Some of the changes to Form ADV can be justified as necessary to gather information from the larger private funds that now must register with the Commission. These changes are likely appropriate, given our expanded authority over these new registrants. But the release makes minimal effort to distinguish between the reporting requirements imposed on registrants who may pose systemic risk and investor protection issues and those exempt reporting advisers who do not. Indeed, the release’s approach appears designed to avoid having to make such judgments. Further, although only proposing certain items on Form ADV at this time, the release queries whether all of Form ADV should be required for exempt reporting advisers.

Consistent with the regulatory approach for registered advisers, the release also goes on to propose the public availability of reporting information from exempt reporting advisers via the IARD website. I similarly have concerns about the sufficiency of the rationale offered to extend this requirement to venture capital fund advisers given that investors in these funds are almost exclusively institutional investors or high-wealth individuals.

While it may be possible to be satisfied that responding to some of the Form ADV items currently proposed will not impose significant costs, that misses the broader concern I have: A proposed regulatory regime that contemplates exams and active oversight will inevitably require these exempt advisers to absorb the additional costs of robust compliance functions and associated compliance personnel.

This is particularly concerning given the significance venture capital funds have for capital formation. This overall approach threatens to make it more costly and burdensome to advise a venture capital fund without a strong corresponding regulatory purpose or rationale. Indeed, as a 2009 Group of Thirty report explicitly recognized, “venture capital funds, dealing by their nature with small companies and providing essential capital and managerial support for entrepreneurial innovation, need to be free of inhibiting oversight.”2

I believe that with this release we have eroded the significance of being exempted from registration so far as to make it a distinction without a difference. This seems a rather odd result given Congress’s apparent interest in exempting these advisers from the regulatory burdens associated with registration under the Advisers Act.

At a minimum, I hope that Congress will look closely at the rules we are proposing and the implications of the statute as written. Clarification in this area would be extremely useful to the Commission and would provide clarity and certainty to our markets, which is important to encourage future investments and capital formation.

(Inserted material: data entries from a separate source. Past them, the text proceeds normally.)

Lemma is_biprod_shiftn n (A B P : Obj C) (i1 : Mor A P) (i2 : Mor B P)
    (p1 : Mor P A) (p2 : Mor P B) :
  is_biprod i1 i2 p1 p2 -> is_biprod (shmn n i1) (shmn n i2) (shmn n p1) (shmn n p2).
Proof.
case=> h11 h22 h12 h21 hid.
by split; rewrite -!shmnM ?h11 ?h22 ?h12 ?h21 ?shmn0 ?shmn1 // -shmnD hid shmn1.
Qed.

Section Biproduct.
Variables (A B P : Obj C) (i1 : Mor A P) (i2 : Mor B P) (p1 : Mor P A) (p2 : Mor P B).
Hypothesis Hb : is_biprod i1 i2 p1 p2.

Lemma mor_zero_biprod_l (W : Obj C) :
  (forall x : Mor A W, x = 0) -> (forall x : Mor B W, x = 0) ->
  forall x : Mor P W, x = 0.
Proof.
have [_ _ _ _ hid] := Hb; move=> HA HB x.
by rewrite -(compm1 x) -hid compDr !compA (HA (comp x i1)) (HB (comp x i2)) !comp0m addr0.
Qed.

Lemma mor_zero_biprod_r (W : Obj C) :
  (forall x : Mor W A, x = 0) -> (forall x : Mor W B, x = 0) ->
  forall x : Mor W P, x = 0.
Proof.
have [_ _ _ _ hid] := Hb; move=> HA HB x.
by rewrite -(comp1m x) -hid compDl -!compA (HA (comp p1 x)) (HB (comp p2 x)) !compm0 addr0.
Qed.

End Biproduct.

Lemma exceptional_retract_hom1 (A B P : Obj C) (i : Mor A P) (p : Mor P A)
    (j : Mor B P) (q : Mor P B) :
  comp p i = idm A -> comp q j = idm B -> exceptional D P ->
  forall y : Mor B (sf A), y = 0.
Proof.
move=> pi qj EP y.
have -> : y = comp (sm p) (comp (comp (sm i) (comp y q)) j).
  by rewrite !compA -shmM pi shm1 comp1m -compA qj compm1.
by rewrite (EP 1 erefl (comp (sm i) (comp y q))) comp0m compm0.
Qed.

Definition homk_zero (X Y : Obj C) (k : int) := forall x : homk D X Y k, x = 0.

Lemma homk_zero_dist_cov k (W X Y Z : Obj C) (f : Mor X Y) (g : Mor Y Z) (h : Mor Z (sf X)) :
  dist D (Tri f g h) -> homk_zero W X k -> homk_zero W Z k -> homk_zero W Y k.
Proof.
case: k => n H HX HZ.
- have [f' [g' [h' H']]] := dist_shiftn n H; exact: (mor_zero_dist_cov H' HX HZ).
- exact: (mor_zero_dist_cov H HX HZ).
Qed.

Lemma homk_zero_dist_contra k (W X Y Z : Obj C) (f : Mor X Y) (g : Mor Y Z) (h : Mor Z (sf X)) :
  dist D (Tri f g h) -> homk_zero X W k -> homk_zero Z W k -> homk_zero Y W k.
Proof.
case: k => n H HX HZ.
- exact: (mor_zero_dist_contra H HX HZ).
- have [f' [g' [h' H']]] := dist_shiftn n.+1 H; exact: (mor_zero_dist_contra H' HX HZ).
Qed.

Lemma exceptional_biprod (A B P : Obj C) (i1 : Mor A P) (i2 : Mor B P)
    (p1 : Mor P A) (p2 : Mor P B) :
  is_biprod i1 i2 p1 p2 ->
  (forall k, k != 0 -> homk_zero A A k) -> (forall k, k != 0 -> homk_zero A B k) ->
  (forall k, k != 0 -> homk_zero B A k) -> (forall k, k != 0 -> homk_zero B B k) ->
  exceptional D P.
Proof.
move=> Hb HAA HAB HBA HBB k k0.
move: (HAA k k0) (HAB k k0) (HBA k k0) (HBB k k0); case: k {k0} => n hAA hAB hBA hBB.
- apply: (mor_zero_biprod_l Hb); exact: (mor_zero_biprod_r (is_biprod_shiftn n Hb)).
- apply: (mor_zero_biprod_l (is_biprod_shiftn n.+1 Hb)); exact: (mor_zero_biprod_r Hb).
Qed.

End Triangulated.

Unset Implicit Arguments.
Set Strict Implicit.

Theorem proposition2p2 (C : additive) (D : triangulated C)
  (Hcop : has_small_coproducts C) (T1 T2 : Obj C)
  (E1 : exceptional D T1) (E2 : exceptional D T2)
  (A1 : forall (k : int) (x : homk D T1 T2 k), x = 0)
  (A2 : forall k : int, k != 0 -> k != 1 -> forall x : homk D T2 T1 k, x = 0)
  (T : Obj C) (f : Mor T1 T) (g : Mor T T2) (alpha : Mor T2 (sh (Sh D) T1))
  (Htri : dist D (Tri f g alpha)) :
  (forall (P : Obj C) (i1 : Mor T P) (i2 : Mor T2 P) (p1 : Mor P T) (p2 : Mor P T2),
      is_biprod i1 i2 p1 p2 -> (exceptional D P <-> left_universal alpha)) /\
  (forall (P : Obj C) (i1 : Mor T P) (i2 : Mor T1 P) (p1 : Mor P T) (p2 : Mor P T1),
      is_biprod i1 i2 p1 p2 -> (exceptional D P <-> right_universal alpha)).
Proof.
have HT_T2 k : k != 0 -> homk_zero D T T2 k.
  by move=> k0; apply: homk_zero_dist_contra Htri (A1 k) (E2 k k0).
have HT1_T k : k != 0 -> homk_zero D T1 T k.
  by move=> k0; apply: homk_zero_dist_cov Htri (E1 k k0) (A1 k).
have HT_T1 k : k != 0 -> k != 1 -> homk_zero D T T1 k.
  by move=> k0 k1; apply: homk_zero_dist_contra Htri (E1 k k0) (A2 k k0 k1).
have HT2_T k : k != 0 -> k != 1 -> homk_zero D T2 T k.
  by move=> k0 k1; apply: homk_zero_dist_cov Htri (A2 k k0 k1) (E2 k k0).
have LU_iff := dist_left_universalE Htri (E2 1 erefl).
have RU_iff := dist_right_universalE Htri (E1 1 erefl).
split=> P i1 i2 p1 p2 Hb; have [h11 h22 _ _ _] := Hb; split=> [EP | U].
- exact/LU_iff/(exceptional_retract_hom1 h11 h22 EP).
- have {}HT2_T k : k != 0 -> homk_zero D T2 T k.
    by move=> k0; have [-> | k1] := eqVneq k 1; [exact/LU_iff | exact: HT2_T].
  apply: (exceptional_biprod Hb) => // k k0.
  exact: homk_zero_dist_contra Htri (HT1_T k k0) (HT2_T k k0).
- exact/RU_iff/(exceptional_retract_hom1 h22 h11 EP).
- have {}HT_T1 k : k != 0 -> homk_zero D T T1 k.
    by move=> k0; have [-> | k1] := eqVneq k 1; [exact/RU_iff | exact: HT_T1].
  apply: (exceptional_biprod Hb) => // k k0.
  exact: homk_zero_dist_cov Htri (HT_T1 k k0) (HT_T2 k k0).
Qed.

In conclusion, I wish briefly to note a few areas in which I am particularly interested in the views of commenters. First, as a general matter, I would be interested in whether commenters believe that the proposed definition of venture capital fund will allow for innovation in this space, while keeping in mind Congress’s goal to limit the exemption to those funds that do not pose the same potential systemic or regulatory risks as other private funds. Second, I encourage feedback on whether the proposed rule’s approach to bridge financing offers sufficient flexibility to funds and portfolio companies. And third — and this is relevant to both releases — I hope the Commission will receive robust comment on the proposed requirement that advisers use the fair valuation method to value regulatory assets under management for purposes of Form ADV.

Thank you again, and I have no questions.


1 See S. Rep. No. 111-176, at 74, 75 (2010).